**YOUR GOAL**: Given the entries that follow, write out exactly the lines starting at the one containing "Fact emulDr : right_distributive emul +%R." and ending at the one containing "[/\ I 0, (forall", both ends included, and only those.

**EXCERPTED RECORDS**:

(* Moving x_j alone moves each difference x_i - x_{N+1} affinely, with slope
   [ediff j i] = delta_ij - delta_{j,N+1}.  Differentiating the branch identity
   exp L_i = (x_i - x_{N+1})^2 / (t_i - t_{N+1}) gives
   dL_i/dx_j = 2 ediff j i / (x_i - x_{N+1}), and the chain rule through
   xi_i = - (t_i - t_{N+1}) / (x_i - x_{N+1}) gives
   dUpsilon/dx_j = sum_i ediff j i * T_i with explicit T_i ([Upsilon_dxi]).
   Hence sum_j w_j dUpsilon/dx_j = sum_i (w_i - w_{N+1}) T_i for any weights w:
   it vanishes for w = 1, and for w = t and w = -2x the factors t_i - t_{N+1}
   and -2 (x_i - x_{N+1}) turn T_i into the summands of the f- and h-identities
   of Psi at xi, up to the factor - prod_i exp (chi_i L_i) and terms in chi_i
   that the weight chi_{N+1} = k/2 cancels.

   Complex differentiability of [cexp] comes from the real second-order bounds
   on e^a - 1 - a, cos b - 1 and sin b - b given by the mean value theorem. *)

Lemma sum_scale_pair0 (K : pzRingType) (V W : lmodType K) n (s : 'I_n -> K)
    (r : 'I_n -> V) :
  \sum_(i < n) s i *: ((r i, 0) : V * W) = (\sum_(i < n) s i *: r i, 0).
Proof.
rewrite (big_morph (fun x : V => ((x, 0) : V * W)) (id1 := 0) (op1 := +%R)) //.
- by apply: eq_bigr => i _; rewrite -[s i *: (r i, 0)]/(s i *: r i, s i *: 0) scaler0.
- by move=> x y; rewrite -[((x, 0) : V * W) + (y, 0)]/(x + y, 0 + 0) addr0.
Qed.
Definition rickart (R : pzRingType) (M : lmodType R) : Prop :=
  forall phi : M -> M, is_hom phi -> is_direct_summand (fun x => phi x = 0).

Definition fin_sigma_rickart (R : pzRingType) (M : lmodType R) : Prop :=
  forall n : nat, (0 < n)%N -> rickart (dsum M n).

Definition fin_M_generated (R : pzRingType) (M X : lmodType R) (N : X -> Prop) : Prop :=
  exists n : nat, (0 < n)%N /\
    exists rho : dsum M n -> X,
      [/\ is_hom rho, (forall v, N (rho v)) & (forall x, N x -> exists v, rho v = x)].

Definition M_coherent (R : pzRingType) (M X : lmodType R) (N : X -> Prop) : Prop :=
  fin_M_generated M N /\
  forall n : nat, (0 < n)%N -> forall rho : dsum M n -> X,
    is_hom rho -> (forall v, N (rho v)) ->
    fin_M_generated M (fun v : dsum M n => rho v = 0).

(* (f * g) x = f (g x), i.e. endomorphisms act on the left of M.       *)
Section EndRing.
Variables (R : pzRingType) (M : lmodType R).

Record endo := Endo { efun :> M -> M; efunP : is_hom efun }.

HB.instance Definition _ := gen_eqMixin endo.
HB.instance Definition _ := gen_choiceMixin endo.

Lemma endo_ext (f g : endo) : (forall x, f x = g x) -> f = g.
Proof.
case: f g => f fP [g gP] /= efg.
have E : f = g by apply: funext.
subst g; congr Endo; exact: Prop_irrelevance.
Qed.

Fact zero_hom : is_hom (fun _ : M => (0 : M)).
Proof. by split=> *; rewrite ?addr0 ?scaler0. Qed.
Fact add_hom (f g : endo) : is_hom (fun x => f x + g x).
Proof.
case: f g => f [f1 f2] [g [g1 g2]]; split=> /= *.
  by rewrite f1 g1 addrACA.
by rewrite f2 g2 scalerDr.
Qed.
Fact opp_hom (f : endo) : is_hom (fun x => - f x).
Proof. case: f => f [f1 f2]; split=> /= *; by rewrite ?f1 ?f2 ?opprD ?scalerN. Qed.
Fact one_hom : is_hom (fun x : M => x).
Proof. by []. Qed.
Fact mul_hom (f g : endo) : is_hom (fun x => f (g x)).
Proof. case: f g => f [f1 f2] [g [g1 g2]]; split=> /= *; by rewrite ?g1 ?f1 ?g2 ?f2. Qed.

Definition e0 := Endo zero_hom.
Definition eadd f g := Endo (add_hom f g).
Definition eopp f := Endo (opp_hom f).
Definition e1 := Endo one_hom.
Definition emul f g := Endo (mul_hom f g).

Fact eaddA : associative eadd.
Proof. by move=> f g h; apply: endo_ext => x /=; rewrite addrA. Qed.
Fact eaddC : commutative eadd.
Proof. by move=> f g; apply: endo_ext => x /=; rewrite addrC. Qed.
Fact eadd0 : left_id e0 eadd.
Proof. by move=> f; apply: endo_ext => x /=; rewrite add0r. Qed.
Fact eaddN : left_inverse e0 eopp eadd.
Proof. by move=> f; apply: endo_ext => x /=; rewrite addNr. Qed.

HB.instance Definition _ := GRing.isZmodule.Build endo eaddA eaddC eadd0 eaddN.

Fact emulA : associative emul.
Proof. by move=> f g h; apply: endo_ext. Qed.
Fact emul1 : left_id e1 emul.
Proof. by move=> f; apply: endo_ext. Qed.
Fact emulr1 : right_id e1 emul.
Proof. by move=> f; apply: endo_ext. Qed.
Fact emulDl : left_distributive emul +%R.
Proof. by move=> f g h; apply: endo_ext. Qed.
Fact emulDr : right_distributive emul +%R.
Proof.
move=> f g h; apply: endo_ext => x /=.
by case: f => f [f1 f2] /=; rewrite f1.
Qed.

HB.instance Definition _ := GRing.Zmodule_isPzRing.Build endo
  emulA emul1 emulr1 emulDl emulDr.

End EndRing.

Notation End_ring M := (endo M).

(* Right S-modules are left modules over the converse ring S^c.        *)

Definition is_right_ideal (S : pzRingType) (I : S -> Prop) : Prop :=
  [/\ I 0, (forall x y, I x -> I y -> I (x + y)), (forall x, I x -> I (- x))
    & (forall x s, I x -> I (x * s))].

Definition generates_right_ideal (S : pzRingType) (I : S -> Prop) n (g : 'I_n -> S) : Prop :=
  (forall i, I (g i)) /\
  (forall x, I x -> exists s : 'I_n -> S, x = \sum_(i < n) g i * s i).

Definition fg_right_ideal (S : pzRingType) (I : S -> Prop) : Prop :=
  exists n (g : 'I_n -> S), generates_right_ideal I g.

Definition rscale (S : pzRingType) (B : lmodType S^c) (b : B) (s : S) : B :=
  @GRing.scale S^c B s b.

(* g : I -> B (given as a function on S, only its values on I matter)
   is a homomorphism of right S-modules *)
Definition is_hom_on_ideal (S : pzRingType) (I : S -> Prop) (B : lmodType S^c)
    (g : S -> B) : Prop :=
  (forall x y, I x -> I y -> g (x + y) = g x + g y) /\
  (forall x s, I x -> g (x * s) = rscale (g x) s).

**WRITTEN REPLY**:
Fact emulDr : right_distributive emul +%R.
Proof.
move=> f g h; apply: endo_ext => x /=.
by case: f => f [f1 f2] /=; rewrite f1.
Qed.

HB.instance Definition _ := GRing.Zmodule_isPzRing.Build endo
  emulA emul1 emulr1 emulDl emulDr.

End EndRing.

Notation End_ring M := (endo M).

(* Right S-modules are left modules over the converse ring S^c.        *)

Definition is_right_ideal (S : pzRingType) (I : S -> Prop) : Prop :=
  [/\ I 0, (forall x y, I x -> I y -> I (x + y)), (forall x, I x -> I (- x))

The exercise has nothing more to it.